I realise that I have been pretty slack
with writing blog posts, but here is my excuse: I have been spending the past
two weeks undertaking a student placement at Military Hospital in Hanoi, and it
has been intense.
Hoan Kiem lake, central Hanoi. Sunrise.
The hospital:
Military Hospital, otherwise known as 108
Hospital, was built by the French colonial government in 1894, originally to
serve their military. Since then, it has (obviously) ceased to be French
controlled, but maintained it’s military function over the various
international and domestic conflicts experienced by Vietnam from the 1940s to
1970s. Now, it is a huge hospital of approximately 1500 beds (and rapidly
growing) that is open to the general public.
Military museum, not Military hospital (I don't have any photos of the hospital as yet).

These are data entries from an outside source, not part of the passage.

(* Let $n\ge 2$ and let $\mathrm W=\mathfrak S_n\ltimes\mathfrak X$ be the extended affine Weyl group, where $\mathfrak X$ is the free abelian group of Laurent monomials $X_1^{a_1}\cdots X_n^{a_n}$ ($a_i\in\mathbb Z$) on which $\mathfrak S_n$ acts by $wX_iw^{-1}=X_{w(i)}$. For $J,K\subseteq \mathbb I=\{s_1,\dots,s_{n-1}\}$, the sets $$\Delta_{K,J}=\{dp \mid d\in D^{\mathbb I}_{K,J},\ p\in \overrightarrow{\mathfrak P}_{d^{-1}K\cap J}\},\qquad \nabla_{K,J}=\{dp \mid d\in D^{\mathbb I}_{K,J},\ p\in \overleftarrow{\mathfrak P}_{d^{-1}K\cap J}\}$$ are each a complete set of pairwise inequivalent representatives of the double cosets $\mathrm W_K\backslash \mathrm W/\mathrm W_J$.
   Context: $s_i$ denotes the simple transposition $(i,i+1)\in\mathfrak S_n$. For $L\subseteq\mathbb I$, $\mathrm W_L$ is the (finite) parabolic subgroup of $\mathfrak S_n\subseteq\mathrm W$ generated by $L$. $D^{\mathbb I}_{K,J}$ denotes the set of minimal-length (Coxeter length in $\mathfrak S_n$) representatives of the double cosets $\mathrm W_K\backslash\mathfrak S_n/\mathrm W_J$. For $d\in D^{\mathbb I}_{K,J}$, $d^{-1}K\cap J=\{s\in J\mid dsd^{-1}\in K\}$. For $L\subseteq\mathbb I$, a monomial $X_1^{a_1}\cdots X_n^{a_n}$ is $L$-dominant if $a_i\ge a_j$ whenever $i\le j$ lie in the same orbit of $\mathrm W_L$ on $\{1,\dots,n\}$, and $L$-antidominant if $a_i\le a_j$ for all such $i\le j$; $\overrightarrow{\mathfrak P}_L$ and $\overleftarrow{\mathfrak P}_L$ denote the sets of $L$-dominant, respectively $L$-antidominant, monomials. *)

From HB Require Import structures.
From mathcomp Require Import all_boot all_order all_algebra all_fingroup.
Set Implicit Arguments. Unset Strict Implicit. Unset Printing Implicit Defensive.
Import GRing.Theory.

(* Conventions: permutations of 'I_n act on {1..n} = 'I_n.  MathComp's
   product satisfies (s * t)%g x = t (s x); we use [comp w v] for the
   usual composition w o v, as in the paper. *)
Definition comp n (w v : 'S_n) : 'S_n := (v * w)%g.

(* simple transposition s_i = (i, i+1), indexed by i : 'I_n.-1
   (i.e. i = 0 .. n-2 stands for s_1 .. s_{n-1}) *)
Definition stp n (i : 'I_n.-1) : 'S_n :=
  let i0 : 'I_n := widen_ord (leq_pred n) i in
  tperm i0 (insubd i0 i.+1).

Definition Wpar n (L : {set 'I_n.-1}) : {set 'S_n} :=
  <<[set stp i | i in L]>>%g.

Definition word_prod n (t : seq 'I_n.-1) : 'S_n :=
  foldr (fun i w => comp (stp i) w) 1%g t.

(* Coxeter length comparison: len x <= len y, where len is the minimal
   length of a word in the simple transpositions *)
Definition len_le n (x y : 'S_n) : Prop :=
  forall t : seq 'I_n.-1, word_prod t = y ->
    exists t' : seq 'I_n.-1, size t' <= size t /\ word_prod t' = x.

(* d \in D^I_{K,J}: d has minimal Coxeter length in W_K d W_J *)
Definition in_D n (K J : {set 'I_n.-1}) (d : 'S_n) : Prop :=
  forall u v, u \in Wpar K -> v \in Wpar J -> len_le d (comp (comp u d) v).

(* d^{-1} K \cap J = { s in J | d s d^{-1} in K } *)
Definition dKJ n (K J : {set 'I_n.-1}) (d : 'S_n) : {set 'I_n.-1} :=
  [set j in J | comp (comp d (stp j)) (d^-1)%g \in [set stp k | k in K]].

(* monomials X^a, a : 'I_n -> int *)
Definition mono n := {ffun 'I_n -> int}.

Definition same_orbit n (L : {set 'I_n.-1}) (i j : 'I_n) : Prop :=
  exists2 w, w \in Wpar L & w i = j.

Definition dominant n (L : {set 'I_n.-1}) (a : mono n) : Prop :=
  forall i j : 'I_n, (i <= j)%N -> same_orbit L i j -> (a j <= a i)%R.
Definition antidominant n (L : {set 'I_n.-1}) (a : mono n) : Prop :=
  forall i j : 'I_n, (i <= j)%N -> same_orbit L i j -> (a i <= a j)%R.

(* extended affine Weyl group W = S_n |x X; the pair (w, a) is w X^a *)
Definition W n := ('S_n * mono n)%type.

(* (w X^a)(v X^b) = (w o v) X^(v^{-1}.a + b), with w X_i w^{-1} = X_{w(i)} *)
Definition mulW n (x y : W n) : W n :=
  (comp x.1 y.1, [ffun i => (x.2 (y.1 i) + y.2 i)%R]).

Definition ofS n (w : 'S_n) : W n := (w, [ffun => 0%R]).

Definition dc_equiv n (K J : {set 'I_n.-1}) (x y : W n) : Prop :=
  exists u v, [/\ u \in Wpar K, v \in Wpar J & y = mulW (mulW (ofS u) x) (ofS v)].

Definition Delta n (K J : {set 'I_n.-1}) (x : W n) : Prop :=
  in_D K J x.1 /\ dominant (dKJ K J x.1) x.2.
Definition Nabla n (K J : {set 'I_n.-1}) (x : W n) : Prop :=
  in_D K J x.1 /\ antidominant (dKJ K J x.1) x.2.

Definition complete_repr n (K J : {set 'I_n.-1}) (S : W n -> Prop) : Prop :=
  (forall x : W n, exists2 y, S y & dc_equiv K J x y) /\
  (forall y1 y2, S y1 -> S y2 -> dc_equiv K J y1 y2 -> y1 = y2).

(* The blocks of L, the maximal intervals of {1, ..., n} joined by the s_i
   with i in L, are the orbits of W_L.  Counting lengths by inversions, d is
   minimal in W_K d W_J iff d is increasing on the blocks of J and d^-1 on
   those of K; such a d is unique in its double coset, because d(x) is the
   number of points preceding x when points are ordered first by the K-block
   of their image and then by position.  For this d, the double coset of
   d X^a contains d X^b exactly when b is obtained from a by a permutation v
   in W_J with d v d^-1 in W_K, i.e. by permuting entries inside the blocks of
   d^-1 K \cap J (the intersections of a J-block with the d-preimage of a
   K-block), all of which W_{d^-1 K \cap J} realises.  Sorting inside these
   blocks gives exactly one dominant and one antidominant monomial. *)

From mathcomp Require Import all_boot all_order all_algebra all_fingroup.
From mathcomp Require Import zify.
Import GRing.Theory Num.Theory Order.TTheory.
Set Implicit Arguments. Unset Strict Implicit. Unset Printing Implicit Defensive.

Section SimpleTranspositions.
Variable n : nat.
Implicit Types (k l : 'I_n.-1) (w : 'S_n).

Definition lo k : 'I_n := widen_ord (leq_pred n) k.
Definition hi k : 'I_n := insubd (lo k) k.+1.

Lemma ltS_ord_pred k : k.+1 < n.
Proof. by have := ltn_ord k; case: n k. Qed.

Lemma hiE k : nat_of_ord (hi k) = k.+1.
Proof. by rewrite /hi /= val_insubd ltS_ord_pred. Qed.

Lemma stpE k : stp k = tperm (lo k) (hi k).
Proof. by []. Qed.

Lemma lo_neq_hi k : lo k != hi k.
Proof. by rewrite -val_eqE /= hiE neq_ltn ltnSn. Qed.

Lemma perm_lo_hi_eqF w k : (w (lo k) == w (hi k)) = false.
Proof. by rewrite (inj_eq perm_inj) (negbTE (lo_neq_hi k)). Qed.

Lemma val_stp k (x : 'I_n) : nat_of_ord (stp k x) =
  if nat_of_ord x == k then k.+1
  else if nat_of_ord x == k.+1 then nat_of_ord k else nat_of_ord x.
Proof.
rewrite stpE; case: tpermP => [->|->|/eqP xk /eqP xk1]; rewrite ?hiE ?eqxx //=.
- by rewrite (gtn_eqF (ltnSn _)).
- rewrite -val_eqE /= in xk; rewrite -val_eqE /= hiE in xk1.
  by rewrite (negbTE xk) (negbTE xk1).
Qed.

Lemma stpK k : involutive (stp k).
Proof. by move=> x; rewrite stpE tpermK. Qed.

Lemma stpV k : ((stp k)^-1 = stp k)%g.
Proof. by rewrite stpE tpermV. Qed.

Lemma stp_mulgg k : (stp k * stp k = 1)%g.
Proof. by rewrite -{1}stpV mulVg. Qed.

End SimpleTranspositions.

Section Inversions.
Variable n : nat.
Implicit Types (k : 'I_n.-1) (w : 'S_n).

Definition count_pairs (P : 'I_n -> 'I_n -> bool) : nat :=
  \sum_(x : 'I_n) \sum_(y : 'I_n) ((x < y) && P x y).

(* Relabelling by [stp k] preserves the order of every pair except [(lo k, hi k)]. *)
Lemma count_pairs_stp (P : 'I_n -> 'I_n -> bool) k :
  count_pairs (fun x y => P (stp k x) (stp k y)) + P (lo k) (hi k)
  = count_pairs P + P (hi k) (lo k).
Proof.
have stp_reindex : count_pairs (fun x y => P (stp k x) (stp k y)) =
    \sum_(x : 'I_n) \sum_(y : 'I_n) ((stp k x < stp k y) && P x y).
  rewrite /count_pairs (reindex_inj (inv_inj (stpK k))); apply: eq_bigr => x _.
  by rewrite (reindex_inj (inv_inj (stpK k))); apply: eq_bigr => y _; rewrite !stpK.
have single c (p0 : 'I_n * 'I_n) : c = \sum_(p : 'I_n * 'I_n) ((p == p0) * c).
  by rewrite (bigD1 p0) //= eqxx mul1n big1 ?addn0 // => p /negbTE ->.
rewrite stp_reindex /count_pairs !pair_big /= (single (P (lo k) (hi k)) (lo k, hi k)).
rewrite (single (P (hi k) (lo k)) (hi k, lo k)) -!big_split /=.
apply: eq_bigr => [[x y]] _ /=.
have nlh := negbTE (lo_neq_hi k).
case: (eqVneq (x, y) (lo k, hi k)) => [[-> ->]|ne1].
  rewrite stpE tpermL tpermR /= hiE ltnNge leqnSn ltnSn /= xpair_eqE nlh /=.
  by case: (P _ _); case: (P _ _).
case: (eqVneq (x, y) (hi k, lo k)) => [[-> ->]|ne2].
  rewrite stpE tpermL tpermR /= hiE ltnSn ltnNge leqnSn /=.
  by case: (P _ _); case: (P _ _).
rewrite !mul0n !addn0; congr (_ && _).
rewrite !xpair_eqE -!val_eqE /= hiE in ne1 ne2.
rewrite !val_stp; repeat (case: eqP => ?); apply/idP/idP => ?; lia.
Qed.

Overall, my impression of the hospital has
been good. The hospital currently has 7 students from the University of Sydney
undergoing placements (1 x 1st year medical student, 5 x 2nd
year medical students including myself, and 1 graduate nurse). The hospital has
been extremely friendly and accommodating to us and we really could not have
asked for more. They have even gone to the effort of taking us on weekend
excursions, which is much more than any of us expected.
The hospital is quite modern and well
resourced. There is a large 9-storey building at the front of the hospital that
contains the critical care and surgical departments. I have spent quite a bit
of time in there up in theatres and they are clean and well equipped. They are
making some efforts to prevent nosocomial infections, however this is mostly
limited to during actual surgeries and doesn’t extend to simple things like
regular hand hygiene on the wards.
Again, not Military Hospital, but also a large multi-storey building.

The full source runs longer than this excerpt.